Step 7: The Anonymized Report
Priya prepared a clean, department-level summary with no individual employee data:
print("=" * 60)
print(" ACME CORP — SOUTH WAREHOUSE TURNOVER ANALYSIS")
print(" Prepared by: Priya Okonkwo, Acting Senior Analyst")
print(" Date: February 19, 2024")
print(" Classification: Internal / HR Use Only")
print(" Data: Aggregated department-level, no individual records")
print("=" * 60)
print(f"\n Scope: South Region Warehouse & Fulfillment department")
print(f"\n Key Findings:")
print(f" 1. Annual turnover rate: 34.1% (vs. 26.3% all-warehouse, 17.2% company)")
print(f" 2. 46% of departures happen in first 6 months of tenure")
print(f" 3. Q3 (July-September) shows 2x the monthly average separation rate")
print(f" 4. 71% of departures are voluntary resignations")
print(f" 5. Estimated excess annual turnover cost: $22,000-$36,000")
print(f"\n Interpretation:")
print(f" The data points consistently to an early-tenure retention problem")
print(f" concentrated in Q3. New hires are voluntarily leaving within their")
print(f" first 6 months at nearly twice the company rate. The Q3 concentration")
print(f" suggests a seasonal hiring cohort that does not convert to permanent")
print(f" employees.")
print(f"\n Recommendations (for HR and Operations review):")
print(f" 1. Implement structured 30-60-90 day onboarding for all warehouse hires")
print(f" 2. Introduce a Q3 retention incentive paid at 90 days of service")
print(f" 3. Review May-June hiring to improve pre-summer integration time")
print(f" 4. Conduct brief structured check-in conversations at 30 days")
print(f" (manager-led, not evaluated — focused on role clarity and support)")
print(f"\n Next Steps: HR review by Feb 28 | Budget request by March 15")
print("=" * 60)
The Outcome
Marcus and Sandra reviewed the analysis on a Friday morning. Sandra's first response: "This is exactly what I needed — specific enough to act on, but not pointing fingers at individuals."
Marcus, who had been skeptical of Priya's Python work in her first year, admitted: "I would have guessed the problem was pay. But this shows it's really an onboarding and seasonal issue. That changes what we do about it."
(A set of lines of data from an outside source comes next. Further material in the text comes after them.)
Lemma escape : exists t0 h0, [/\ t0 \in S, h0 \in H & h0 t0 \notin B].
Proof.
have : ~~ [forall t in S, forall h in H, h t \in B].
  apply: contra nfS => /forall_inP SB; have [_ _ c3] := fS.
  apply: extendS (c3 B B2); apply/subsetP => t tS; rewrite inE tS inE; exact: SB.
by case/forall_inPn => t tS /forall_inPn[h hH0 ht]; exists t, h.
Qed.

Lemma escape_compatible t0 c : t0 \in S -> c \notin B -> (exists2 h, h \in H & h t0 = c) ->
  compatible H S [ffun q => if q == t0 then c else f q].
Proof.
move=> t0S cB [e eH et0]; set g := [ffun q => _].
have gf : {in S :\ t0, g =1 f} by move=> q; rewrite !inE ffunE => /andP[/negbTE -> _].
have [c1 c2 c3] := fS; split.
- move=> q qS; case: (eqVneq q t0) => [-> | qt0].
    by apply/extendP; exists e => // s /set1P ->; rewrite ffunE eqxx.
  by apply: extend_eq_on (c1 q qS) _ => s /set1P ->; rewrite gf // !inE qt0.
- move=> p q pS qS Hpq.
  case: (eqVneq p t0) => [pt0 | pt0]; case: (eqVneq q t0) => [qt0 | qt0].
  + by rewrite pt0 qt0.
  + by case: (no_twin t0S qS qt0); rewrite -pt0.
  + by case: (no_twin t0S pS pt0) => h' hH'; rewrite -qt0 Hpq.
  + by rewrite !gf ?inE ?pt0 ?qt0 //; apply: c2.
- move=> B' B'2; case: (boolP (t0 \in QB H B')) => [t0B' | t0B'].
    have [r0 r0H r0f] := off_witness t0S.
    have /extendP[hf hfH hft0] := c1 t0 t0S.
    have B't0 k : k \in H -> k t0 \in B' by move: t0B'; rewrite inE => /forall_inP; apply.
    have : 2 < #|B'|.
      apply/card_gt2P; exists (f t0), (r0 t0), c; split; split.
      - by rewrite -(hft0 t0) ?set11 // B't0.
      - exact: B't0.
      - by rewrite -et0 B't0.
      - by rewrite eq_sym off_neq.
      - by apply: contraNneq cB => <-; apply: off_in_defect r0f.
      - by apply: contraNneq cB => ->; apply: f_in_defect.
    by rewrite B'2.
  apply: extend_eq_on (c3 B' B'2) _ => s /setIP[sS sB']; rewrite gf // !inE sS andbT.
  by apply: contraNneq t0B' => <-.
Qed.

Lemma escape_exists t0 t1 c : t0 \in S -> t1 \in S -> t1 != t0 -> c \notin B ->
  (exists2 h, h \in H & h t0 = c) ->
  exists2 e, e \in H & {in S :\ t0 :\ t1, e =1 f} /\ e t0 = c.
Proof.
move=> t0S t1S t10 cB hc.
have /extendP[e eH ef] := IH (properD1 t1S)
  (compatibleS (subsetDl _ _) (escape_compatible t0S cB hc)).
exists e => //; split; last by rewrite ef ?ffunE ?eqxx // !inE eq_sym t10.
by move=> s; rewrite !inE => /and3P[st1 st0 sS]; rewrite ef ?ffunE ?(negbTE st0) // !inE st1.
Qed.

Lemma escape_propagate t0 t1 c e : t0 \in S -> t1 \in S -> t1 != t0 -> c \notin B ->
  e \in H -> {in S :\ t0 :\ t1, e =1 f} -> e t0 = c -> e t1 = c /\ f t1 != f t0.
Proof.
move=> t0S t1S t10 cB eH ef et0.
have [r0 r0H r0f] := off_witness t0S.
have r0t1 : r0 t1 = f t1 by apply: r0f; rewrite !inE t10.
have off_t0 k : k \in H -> {in S :\ t0, k =1 f} -> k t0 != c.
  by move=> kH kf; apply: contraNneq cB => <-; apply: off_in_defect kf.
have et1 : e t1 != f t1.
  by apply/eqP => et1; move: (off_t0 e eH (eq_in_setD1 ef et1)); rewrite et0 eqxx.
have ranges : [set c; r0 t0] = [set e t1; f t1].
  apply/eqP; apply: contraT => ne.
  have [k kH [kt0 kt1 kf]] :
      exists2 k, k \in H & [/\ k t0 = c, k t1 = f t1 & {in S :\ t0 :\ t1, k =1 f}].
    apply: (Delta2_interpolate eH r0H ef (sub_in1 (subsetP (subsetDl _ _)) r0f)).
    - by rewrite et0; apply: contraNneq cB => ->; apply: off_in_defect r0f.
    - by rewrite r0t1.
    - by rewrite et0 r0t1.
    - by rewrite et0 set21.
    - by rewrite r0t1 set22.
  by move: (off_t0 k kH (eq_in_setD1 kf kt1)); rewrite kt0 eqxx.
have ft1 : f t1 = r0 t0.
  have : f t1 \in [set c; r0 t0] by rewrite ranges set22.
  by case/set2P => // ft1c; move: cB; rewrite -ft1c f_in_defect.
split; last by rewrite ft1 off_neq.
have : e t1 \in [set c; r0 t0] by rewrite ranges set21.
by case/set2P => // et1r; move: et1; rewrite et1r ft1 eqxx.
Qed.

Lemma escape_no_third_point t0 t1 t2 c : t0 \in S -> t1 \in S -> t2 \in S ->
  t1 != t0 -> t2 != t0 -> t2 != t1 -> c \notin B -> (exists2 h, h \in H & h t0 = c) ->
  False.
Proof.
move=> t0S t1S t2S t10 t20 t21 cB hc.
have [e1 e1H [e1f e1t0]] := escape_exists t0S t1S t10 cB hc.
have [e1t1 f10] := escape_propagate t0S t1S t10 cB e1H e1f e1t0.
have [e2 e2H [e2f e2t0]] := escape_exists t0S t2S t20 cB hc.
have [_ f20] := escape_propagate t0S t2S t20 cB e2H e2f e2t0.
have [e3 e3H [e3f e3t1]] := escape_exists t1S t2S t21 cB (ex_intro2 _ _ e1 e1H e1t1).
have [_ f21] := escape_propagate t1S t2S t21 cB e3H e3f e3t1.
suff : 2 < #|B| by rewrite B2.
apply/card_gt2P; exists (f t0), (f t1), (f t2); rewrite !f_in_defect //.
by split=> //; split; rewrite // eq_sym.
Qed.
(* Let $G,H$ be real Hilbert spaces, let $D\subset G$ be bounded, let $x\in D$, and let $K_F,L_F,\lambda_F,L_f,\lambda_f,K_f\ge0$ be constants with $\lambda_F\le K_F^2$ and $\lambda_f\le L_f$. Let $F:G\to H$ be $K_F$-BJ, $L_F$-LJ and $\lambda_F$-UC on $D$, let $f:H\to\mathbb{R}$ be $L_f$-LG and $\lambda_f$-PL on $F(D)$, and suppose $\|\nabla f(F(x))\|\le K_f$. Let $L=K_F^2L_f+K_fL_F$, $\lambda=\lambda_F\lambda_f$, $\alpha\in(0,\tfrac2L)$, $q=1+L\alpha^2\lambda-2\alpha\lambda$, and $x^\alpha=x-\alpha\nabla(f\circ F)(x)$. If $[x,x^\alpha]\subset D$, then \[ (f\circ F)(x^\alpha)-f_*\le q\bigl((f\circ F)(x)-f_*\bigr), \] where $f_*=\inf_{h\in H}f(h)$.
   Context: For $F:G\to H$ between Hilbert spaces, $\partial F(x)$ is the Fréchet derivative and $\partial F(x)^*$ its adjoint; $\nabla f$ denotes gradients of real-valued functions; $[x,y]=\{(1-t)x+ty:t\in[0,1]\}$. For $F$ differentiable on $D$: $K$-BJ on $D$ means $\|\partial F(x)\|\le K$ for $x\in D$; $L$-LJ on $D$ means $\|\partial F(x)-\partial F(y)\|\le L\|x-y\|$ for $x,y\in D$; $\lambda$-UC on $D$ ($\lambda>0$) means $\langle y,\partial F(x)\partial F(x)^*y\rangle\ge\lambda\|y\|^2$ for all $y\in H$, $x\in D$. For $f:H\to\mathbb{R}$ differentiable on $E$: $L$-LG on $E$ means $\|\nabla f(u)-\nabla f(v)\|\le L\|u-v\|$ for $u,v\in E$; if $f$ is bounded below on $H$ with $f_*=\inf_Hf\in\mathbb{R}$, $\lambda$-PL on $E$ ($\lambda>0$) means $\tfrac12\|\nabla f(u)\|^2\ge\lambda(f(u)-f_* )$ for $u\in E$. *)

From HB Require Import structures.
From mathcomp Require Import all_boot all_order all_algebra.
From mathcomp Require Import all_classical all_reals all_analysis.
Set Implicit Arguments. Unset Strict Implicit. Unset Printing Implicit Defensive.
Import Order.TTheory GRing.Theory Num.Theory.
Import numFieldNormedType.Exports.
Local Open Scope classical_set_scope.
Local Open Scope ring_scope.

(* A real Hilbert space is a completeNormedModType R equipped with such an
   inner product (norm induced by the inner product, complete). *)
Record inner_product (R : realType) (V : normedModType R) := InnerProduct {
  ip :> V -> V -> R;
  ip_sym : forall u v, ip u v = ip v u;
  ip_linl : forall (a : R) u v w, ip (a *: u + v) w = a * ip u w + ip v w;
  ip_norm : forall u, ip u u = `|u| ^+ 2 }.

Section Defs.
Variable R : realType.

Definition gradient (V : normedModType R) (iV : inner_product V)
  (f : V -> R) (u : V) : V :=
  xget 0 [set g | forall h, 'd f u h = iV g h].

Definition adjoint (G H : normedModType R) (iG : inner_product G)
  (iH : inner_product H) (A : G -> H) (y : H) : G :=
  xget 0 [set z | forall u, iH (A u) y = iG u z].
The recommendations were implemented in phases: - A structured 90-day onboarding program launched in April 2024, covering job expectations, equipment training, safety protocols, and explicit check-ins at day 30 and day 60 - A $250 bonus paid at 90 days for new South warehouse hires (approved in March) - Hiring for the summer surge was shifted to April rather than June, giving new hires more time to integrate before the peak summer months
By Q3 2024, South warehouse voluntary turnover in the first 6 months was tracking at 28% (down from 46%), and the annual run-rate for South warehouse turnover was projected at 26% — still elevated but consistent with the all-warehouse average.
What This Case Study Illustrates
Diagnosis before prescription. Marcus thought the problem was pay. The data showed it was onboarding and seasonality. Without a structured diagnosis, the company might have invested in above-band compensation adjustments that addressed the wrong problem.
Multiple lenses on the same data. Priya used three different cuts of the same dataset — overall rate, tenure-at-separation, and seasonal index — and all three pointed to the same explanation. That convergence is what makes the analysis credible.
Privacy-by-default in action. Every output was aggregated. No individual was identified. The recommendations were about process changes (onboarding, timing), not about specific employees. Marcus could share the report broadly because it contained only aggregate data.
Cost quantification creates urgency. The estimate of $22,000–$36,000 in excess annual turnover cost transformed "we have a retention problem" into "we have a retention problem that is costing us real money that could fund the solution." Priya explicitly labeled the estimate as rough and for planning purposes — avoiding the false precision that undermines analytical credibility.